Hit or Miss: Understanding Emergence and Absence of Homo-oligomeric Contacts in Protein Language Models

Many proteins function not as isolated molecules but as symmetrical assemblies of identical subunits, from ion channels that gate cellular signals to metabolic enzymes that catalyze life’s essential reactions. Here, we reveal that single-sequence protein language models (pLMs), trained solely on individual protein sequences, implicitly learn the interface contacts of homo-oligomeric assemblies. As models grow larger, their ability to predict inter-subunit contacts continues to improve, whereas the accuracy for single-chain predictions shows only minimal gains. The largest ESM2 model can accurately distinguish genuine biological interfaces from crystallographic artifacts.
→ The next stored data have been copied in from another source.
(* Let $i\in\{1,2\}$ and let $(X,e,\mu)$ be an $\mathrm{NP}_i$-digital H-space with $X$ $\mathrm{NP}_i$-irreducible. Then for every $x\in X_e$, the maps $\mu_x$ and $\nu_x$ are isomorphisms $X\to X$.
   Context: A digital image is a finite set $X\subset\mathbb{Z}^n$ with a reflexive symmetric adjacency relation (a finite reflexive graph); continuous maps send adjacent points to adjacent points; an isomorphism is a continuous bijection with continuous inverse. On products, $\mathrm{NP}_u$ declares two tuples adjacent iff coordinates are adjacent in at most $u$ positions and equal elsewhere. An $\mathrm{NP}_i$-homotopy from $f$ to $g:X\to Y$ is an $\mathrm{NP}_i$-continuous $H:X\times[0,m]_{\mathbb{Z}}\to Y$ with $H(\cdot,0)=f$, $H(\cdot,m)=g$; write $f\simeq_i g$. $X$ is $\mathrm{NP}_i$-irreducible if it is not $\mathrm{NP}_i$-homotopy equivalent to a digital image with fewer points. $(f,g)(x)=(f(x),g(x))$; $c_e$ is constant at $e$. An $\mathrm{NP}_i$-digital H-space is $(X,e,\mu)$ with $\mu:X\times X\to X$ $\mathrm{NP}_i$-continuous, $\mu\circ(\mathrm{id}_X,c_e)\simeq_i\mathrm{id}_X$, $\mu\circ(c_e,\mathrm{id}_X)\simeq_i\mathrm{id}_X$ (homotopies need not be pointed). $\mu_x(y)=\mu(x,y)$, $\nu_x(y)=\mu(y,x)$; $X_e$ is the connected component of $e$. *)

From mathcomp Require Export all_boot.
Set Implicit Arguments. Unset Strict Implicit. Unset Printing Implicit Defensive.

Definition digital_image (X : finType) (a : rel X) : Prop :=
  reflexive a /\ symmetric a.

Definition dcontinuous (X Y : finType) (aX : rel X) (aY : rel Y) (f : X -> Y) : Prop :=
  forall x y, aX x y -> aY (f x) (f y).

Definition NPadj (u : nat) (X Y : finType) (aX : rel X) (aY : rel Y) : rel (X * Y) :=
  fun p q => [&& aX p.1 q.1, aY p.2 q.2 & ((p.1 != q.1) + (p.2 != q.2) <= u)%N].

(* the digital interval [0,m]_Z with c_1 adjacency, as 'I_m.+1 *)
Definition intadj (m : nat) : rel 'I_m.+1 :=
  fun s t => ((s <= t.+1) && (t <= s.+1))%N.

Definition NPhomotopic (i : nat) (X Y : finType) (aX : rel X) (aY : rel Y)
  (f g : X -> Y) : Prop :=
  exists (m : nat) (H : X * 'I_m.+1 -> Y),
    dcontinuous (NPadj i aX (@intadj m)) aY H /\
    (forall x, H (x, ord0) = f x) /\ (forall x, H (x, ord_max) = g x).

Definition NPhequiv (i : nat) (X Y : finType) (aX : rel X) (aY : rel Y) : Prop :=
  exists (f : X -> Y) (g : Y -> X),
    dcontinuous aX aY f /\ dcontinuous aY aX g /\
    NPhomotopic i aX aX (g \o f) id /\ NPhomotopic i aY aY (f \o g) id.

Definition NPirreducible (i : nat) (X : finType) (aX : rel X) : Prop :=
  forall (Y : finType) (aY : rel Y), digital_image aY -> (#|Y| < #|X|)%N ->
    ~ NPhequiv i aX aY.

Definition NPHspace (i : nat) (X : finType) (aX : rel X) (e : X) (mu : X * X -> X) : Prop :=
  dcontinuous (NPadj i aX aX) aX mu /\
  NPhomotopic i aX aX (fun x => mu (x, e)) id /\
  NPhomotopic i aX aX (fun x => mu (e, x)) id.

Definition disomorphism (X Y : finType) (aX : rel X) (aY : rel Y) (f : X -> Y) : Prop :=
  exists g : Y -> X, cancel f g /\ cancel g f /\ dcontinuous aX aY f /\ dcontinuous aY aX g.

(* A self-map homotopic to the identity of an irreducible image X is onto: some
   iterate g of it is idempotent and still homotopic to the identity, so g is a
   retraction of X onto its fixed points that is a homotopy equivalence, and
   irreducibility forces that image to be all of X.  A path from e to x moves the
   translation mu(e, -), which is homotopic to the identity, to mu(x, -) through a
   chain of one-step homotopies; hence mu(x, -) is a continuous bijection of X,
   and a continuous bijection of a finite graph is an isomorphism because it
   permutes the finitely many edges.  The right translations are the left ones
   of mu composed with the swap. *)
From mathcomp Require Import all_boot.
From Stdlib Require Import Relation_Operators Operators_Properties FunctionalExtensionality.
Set Implicit Arguments. Unset Strict Implicit. Unset Printing Implicit Defensive.

Lemma leq_addb_le1 (b : bool) (n i : nat) : (n + 1 <= i)%N -> (n + b <= i)%N.
Proof. by move=> /(leq_trans _); apply; rewrite leq_add2l leq_b1. Qed.

Section OneStepHomotopies.

Variables (i : nat) (X : finType) (a : rel X).

(* The two ends of an NP_i-continuous map X * [0,1]_Z -> X. *)
Definition NPstep (f g : X -> X) : Prop :=
  [/\ dcontinuous a a f, dcontinuous a a g &
      forall x y, a x y -> ((x != y) + 1 <= i)%N -> a (f x) (g y)].

Lemma NPhomotopic_refl (f : X -> X) : dcontinuous a a f -> NPhomotopic i a a f f.
Proof.
by move=> cf; exists 0, (fun p => f p.1); split=> // [[x s] [y t] /and3P[/= /cf]].
Qed.

Lemma NPhomotopic_NPstep (f g : X -> X) :
  (0 < i)%N -> NPhomotopic i a a f g -> clos_refl_trans _ NPstep f g.
Proof.
move=> i_gt0 [m [H [cH [H0 Hm]]]].
pose h k x := H (x, inord k).
have h_step k : (k < m)%N -> NPstep (h k) (h k.+1).
  move=> lt_km; have le_km := ltnW lt_km.
  split=> [x y axy | x y axy | x y axy xy_i]; apply: cH; rewrite /NPadj /= axy.
  1,2: by rewrite /intadj leqnSn eqxx addn0 (leq_trans (leq_b1 _)).
  by rewrite /intadj !inordK ?ltnS // leqW ?leqnn //= leq_addb_le1.
have h_chain k : (k <= m)%N -> clos_refl_trans _ NPstep (h 0) (h k).
  elim: k => [|k IH] le_km; first exact: rt_refl.
  exact: rt_trans (IH (ltnW le_km)) (rt_step _ _ _ _ (h_step k le_km)).
have -> : f = h 0.
  by apply: functional_extensionality => x; rewrite -H0 /h; congr H; congr pair;
    apply: val_inj; rewrite /= inordK.
have -> : g = h m.
  by apply: functional_extensionality => x; rewrite -Hm /h; congr H; congr pair;
    apply: val_inj; rewrite /= inordK.
exact: h_chain.
Qed.

Lemma NPhomotopic_cons (f h g : X -> X) :
  symmetric a -> NPstep f h -> NPhomotopic i a a h g -> NPhomotopic i a a f g.
Proof.
move=> sym_a [cf _ fh] [m [H [cH [H0 Hm]]]].
have inord0 : inord 0 = ord0 :> 'I_m.+1 by apply: val_inj; rewrite /= inordK.
pose K (p : X * 'I_m.+2) := if val p.2 is n.+1 then H (p.1, inord n) else f p.1.
exists m.+1, K; split; last split=> // x; last first.
  by rewrite /K /= -Hm; congr H; congr pair; apply: val_inj; rewrite /= inordK.
move=> [x [[|s] lt_s]] [y [[|t] lt_t]] /and3P[/= axy]; rewrite /K /intadj /=.
- by move=> _ _; apply: cf.
- by rewrite ltnS leqn0 => /eqP -> xy_i; rewrite inord0 H0; apply: fh.
- rewrite ltnS leqn0 andbT => /eqP -> xy_i.
  by rewrite inord0 H0 sym_a; apply: fh; [rewrite sym_a | rewrite eq_sym].
rewrite !ltnS => st xy_i; apply: cH.
have [lt_sm lt_tm] : (s < m.+1)%N /\ (t < m.+1)%N by [].
rewrite /NPadj /= axy /intadj -[inord s == _]val_eqE /= !inordK //.
by rewrite st; exact: xy_i.
Qed.

Lemma rt_NPstep_NPhomotopic (f g : X -> X) :
  symmetric a -> dcontinuous a a f -> clos_refl_trans _ NPstep f g ->
  NPhomotopic i a a f g.
Proof.
move=> sym_a + /clos_rt_rt1n_iff fg; elim: fg => [f0 | f0 h0 g0 st _ IH] cf.
  exact: NPhomotopic_refl.
by case: (st) => _ ch _; apply: NPhomotopic_cons st (IH ch).
Qed.

Lemma rt_NPstep_comp (F f g : X -> X) :
  dcontinuous a a F -> clos_refl_trans _ NPstep f g ->
  clos_refl_trans _ NPstep (F \o f) (F \o g).
Proof.
move=> cF; elim=> [f0 g0 [cf cg fg] | f0 | f0 g0 h0 _ IH1 _ IH2].
- by apply: rt_step; split=> [x y /cf | x y /cg | x y axy /(fg _ _ axy)] /cF.
- exact: rt_refl.
- exact: rt_trans IH1 IH2.
Qed.

Lemma dcontinuous_iter (f : X -> X) n : dcontinuous a a f -> dcontinuous a a (iter n f).
Proof. by move=> cf; elim: n => [|n IH] //= x y /IH /cf. Qed.

Lemma rt_NPstep_iter (f : X -> X) n :
  dcontinuous a a f -> clos_refl_trans _ NPstep f id ->
  clos_refl_trans _ NPstep (iter n f) id.
Proof.
move=> cf f_id; elim: n => [|n IH]; first exact: rt_refl.
have -> : iter n.+1 f = f \o iter n f by apply: functional_extensionality.
exact: rt_trans (rt_NPstep_comp cf IH) f_id.
Qed.

End OneStepHomotopies.

Lemma iter_idempotent (T : finType) (f : T -> T) :
  exists2 N, (0 < N)%N & idempotent_fun (iter N f).
Proof.
pose F (k : 'I_#|{ffun T -> T}|.+1) := [ffun x => iter k f x].
have /injectivePn[k1 [k2 ne_k /ffunP eq_F]] : ~~ injectiveb F.
  by apply/injectiveP => /leq_card; rewrite card_ord ltnn.
have [p [d d_gt0 per]] : exists p, exists2 d, (0 < d)%N & iter (d + p) f =1 iter p f.
  have eq_iter x : iter k1 f x = iter k2 f x by have := eq_F x; rewrite !ffunE.
  case: (ltngtP k1 k2) => [lt_k | lt_k | /val_inj eq_k]; last by rewrite eq_k eqxx in ne_k.
  - by exists k1, (k2 - k1); rewrite ?subn_gt0 // => x; rewrite subnK 1?ltnW.
  - by exists k2, (k1 - k2); rewrite ?subn_gt0 // => x; rewrite subnK 1?ltnW.
have per_mul k : iter (k * d + p) f =1 iter p f.
  by elim: k => [|k IH] x //; rewrite mulSnr -addnA iterD per -iterD IH.
(* A multiple of the period d that exceeds the preperiod p. *)
exists (p.+1 * d); first by rewrite muln_gt0.
have le_p : (p <= p.+1 * d)%N by rewrite (leq_trans (leqnSn p)) ?leq_pmulr.
move=> x /=; rewrite -iterD -{1}(subnK le_p) -addnA [(p + _)%N]addnC.
by rewrite iterD per_mul -iterD subnK.
Qed.

Lemma NPhequiv_fixpoints (i : nat) (X : finType) (a : rel X) (g : X -> X) :
  idempotent_fun g -> dcontinuous a a g -> NPhomotopic i a a g id ->
  NPhequiv i a [rel u v : {x | g x == x} | a (val u) (val v)].
Proof.
move=> gK cg g_id.
pose r x : {x | g x == x} := exist _ (g x) (introT eqP (gK x)).
exists r, val; split; first by move=> x y /cg.
split=> //; split; first exact: g_id.
have -> : r \o val = id by apply: functional_extensionality => u; apply: val_inj; apply/eqP/(valP u).
exact: NPhomotopic_refl.
Qed.

Lemma onto_bij (T : finType) (f : T -> T) : (forall y, y \in codom f) -> bijective f.
Proof.
move=> onto; apply: injF_bij => x y.
have /image_injP inj_f : #|codom f| == #|T| by apply/eqP/eq_card => y'; rewrite onto.
exact: inj_f.
Qed.

Lemma NPirreducible_bij (i : nat) (X : finType) (a : rel X) (f : X -> X) :
  (0 < i)%N -> digital_image a -> NPirreducible i a -> dcontinuous a a f ->
  clos_refl_trans _ (NPstep i a) f id -> bijective f.
Proof.
move=> i_gt0 [refl_a sym_a] irr cf f_id; apply: onto_bij => z.
apply/idPn => z_off; have [N N_gt0 gK] := iter_idempotent f; set g := iter N f in gK.
have g_off x : g x != z.
  by apply: contraNneq z_off => <-; rewrite /g -(prednK N_gt0) iterS codom_f.
have cg : dcontinuous a a g by apply: dcontinuous_iter.
apply: (irr _ _ _ _ (NPhequiv_fixpoints gK cg _)).
- by split=> [u | u v] /=; [exact: refl_a | exact: sym_a].
- rewrite card_sig -(cardC [pred x | g x == x]) -[n in (n < _)%N]addn0 ltn_add2l.
  by apply/card_gt0P; exists z; rewrite !inE g_off.
exact/rt_NPstep_NPhomotopic/rt_NPstep_iter.
Qed.

Lemma continuous_bij_disomorphism (X : finType) (a : rel X) (f : X -> X) :
  dcontinuous a a f -> bijective f -> disomorphism a a f.
Proof.
move=> cf [g fK gK]; exists g; do 3!split=> //; move=> u v auv.
pose edges := [set p : X * X | a p.1 p.2].
pose f2 (p : X * X) := (f p.1, f p.2).
have inj_f2 : injective f2 by move=> [x1 x2] [y1 y2] [/(can_inj fK) -> /(can_inj fK) ->].
have f2_edges : f2 @: edges = edges.
  apply/eqP; rewrite eqEcard (card_imset _ inj_f2) leqnn andbT.
  by apply/subsetP => _ /imsetP[p ep ->]; rewrite !inE in ep *; apply: cf.
have : (u, v) \in f2 @: edges by rewrite f2_edges inE.
by case/imsetP => [[x y]]; rewrite inE /= => axy [-> ->]; rewrite !fK.
Qed.

Lemma connect_rt (T : finType) (e : rel T) (U : Type) (R : U -> U -> Prop) (F : T -> U) x y :
  (forall u v, e u v -> R (F v) (F u)) -> connect e x y -> clos_refl_trans _ R (F y) (F x).
Proof.
move=> RF /connectP[p + ->]; elim: p x => [|z p IH] x /=; first by move=> _; apply: rt_refl.
by case/andP => exz /IH zy; exact: rt_trans zy (rt_step _ _ _ _ (RF _ _ exz)).
Qed.

Lemma NPstep_mul_left (i : nat) (X : finType) (a : rel X) (mu : X * X -> X) c c' :
  (0 < i)%N -> reflexive a -> dcontinuous (NPadj i a a) a mu -> a c c' ->
  NPstep i a (fun y => mu (c, y)) (fun y => mu (c', y)).
Proof.
move=> i_gt0 refl_a cmu acc; have le1_i (b : bool) : (b <= i)%N by rewrite (leq_trans (leq_b1 b)).
split=> [y y' ayy' | y y' ayy' | y y' ayy' yy_i]; apply: cmu.
1,2: by rewrite /NPadj /= refl_a ayy' eqxx add0n le1_i.
by rewrite /NPadj /= acc ayy' addnC leq_addb_le1.
Qed.

Lemma NPHspace_left_mul_iso (i : nat) (X : finType) (a : rel X) (e : X) (mu : X * X -> X) :
  (0 < i)%N -> digital_image a -> NPHspace i a e mu -> NPirreducible i a ->
  forall x, connect a e x -> disomorphism a a (fun y => mu (x, y)).
Proof.
move=> i_gt0 [refl_a sym_a] [cmu [_ mu_e]] irr x ex.
have [cmu_x _ _] := NPstep_mul_left i_gt0 refl_a cmu (refl_a x).
apply: continuous_bij_disomorphism cmu_x (NPirreducible_bij _ _ irr cmu_x _) => //.
have mu_x_e : clos_refl_trans _ (NPstep i a) (fun y => mu (x, y)) (fun y => mu (e, y)).
  by apply: (connect_rt (F := fun c y => mu (c, y))) ex => u v; rewrite sym_a;
    apply: NPstep_mul_left.
exact: rt_trans mu_x_e (NPhomotopic_NPstep i_gt0 mu_e).
Qed.

Lemma NPHspace_swap (i : nat) (X : finType) (a : rel X) (e : X) (mu : X * X -> X) :
  NPHspace i a e mu -> NPHspace i a e (fun p => mu (p.2, p.1)).
Proof.
move=> [cmu [mu_r mu_l]]; split=> // [[x y] [x' y']] /and3P[/= axx' ayy' n_le].
by apply: cmu; rewrite /NPadj /= axx' ayy' addnC.
Qed.

Theorem mainTheorem8 (i : nat) (X : finType) (a : rel X) (e : X) (mu : X * X -> X) :
  (i = 1 \/ i = 2) ->
  digital_image a ->
  NPHspace i a e mu ->
  NPirreducible i a ->
  forall x : X, connect a e x ->
    disomorphism a a (fun y => mu (x, y)) /\ disomorphism a a (fun y => mu (y, x)).
Proof.
move=> i12 dI hspace irr x ex.
have i_gt0 : (0 < i)%N by case: i12 => ->.
split; first exact: NPHspace_left_mul_iso hspace irr x ex.
exact: NPHspace_left_mul_iso i_gt0 dI (NPHspace_swap hspace) irr x ex.
Qed.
MSA Pairformer and ESM2-15B perform comparably when broad sets of homologs are used, but restricting alignments to closer evolutionary neighbors reveals a clear difference: MSA Pairformer reaches an interface contact recovery rate of 0.44 compared with 0.33 for ESM2-15B. We hypothesized that one contributing factor is how models implicitly cluster homologous proteins. Comparing evolutionary constraints extracted from pLMs, we find correlation between homologs decrease as model size increases, consistent with larger models partitioning families into finer-grained subclusters and better separating distinct oligomeric interfaces. When models fail to detect known interfaces, these discrepancies may reflect annotation errors, proteins that adopt multiple assembly conformations, or intrinsic model limitations. Overall, our findings show that statistical patterns learned by pLMs encode key aspects of homo-oligomeric assembly organization and provide a basis for understanding how such interfaces diversify across evolution, even though structure is conserved over large evolutionary distances, oligomeric assembly may not be.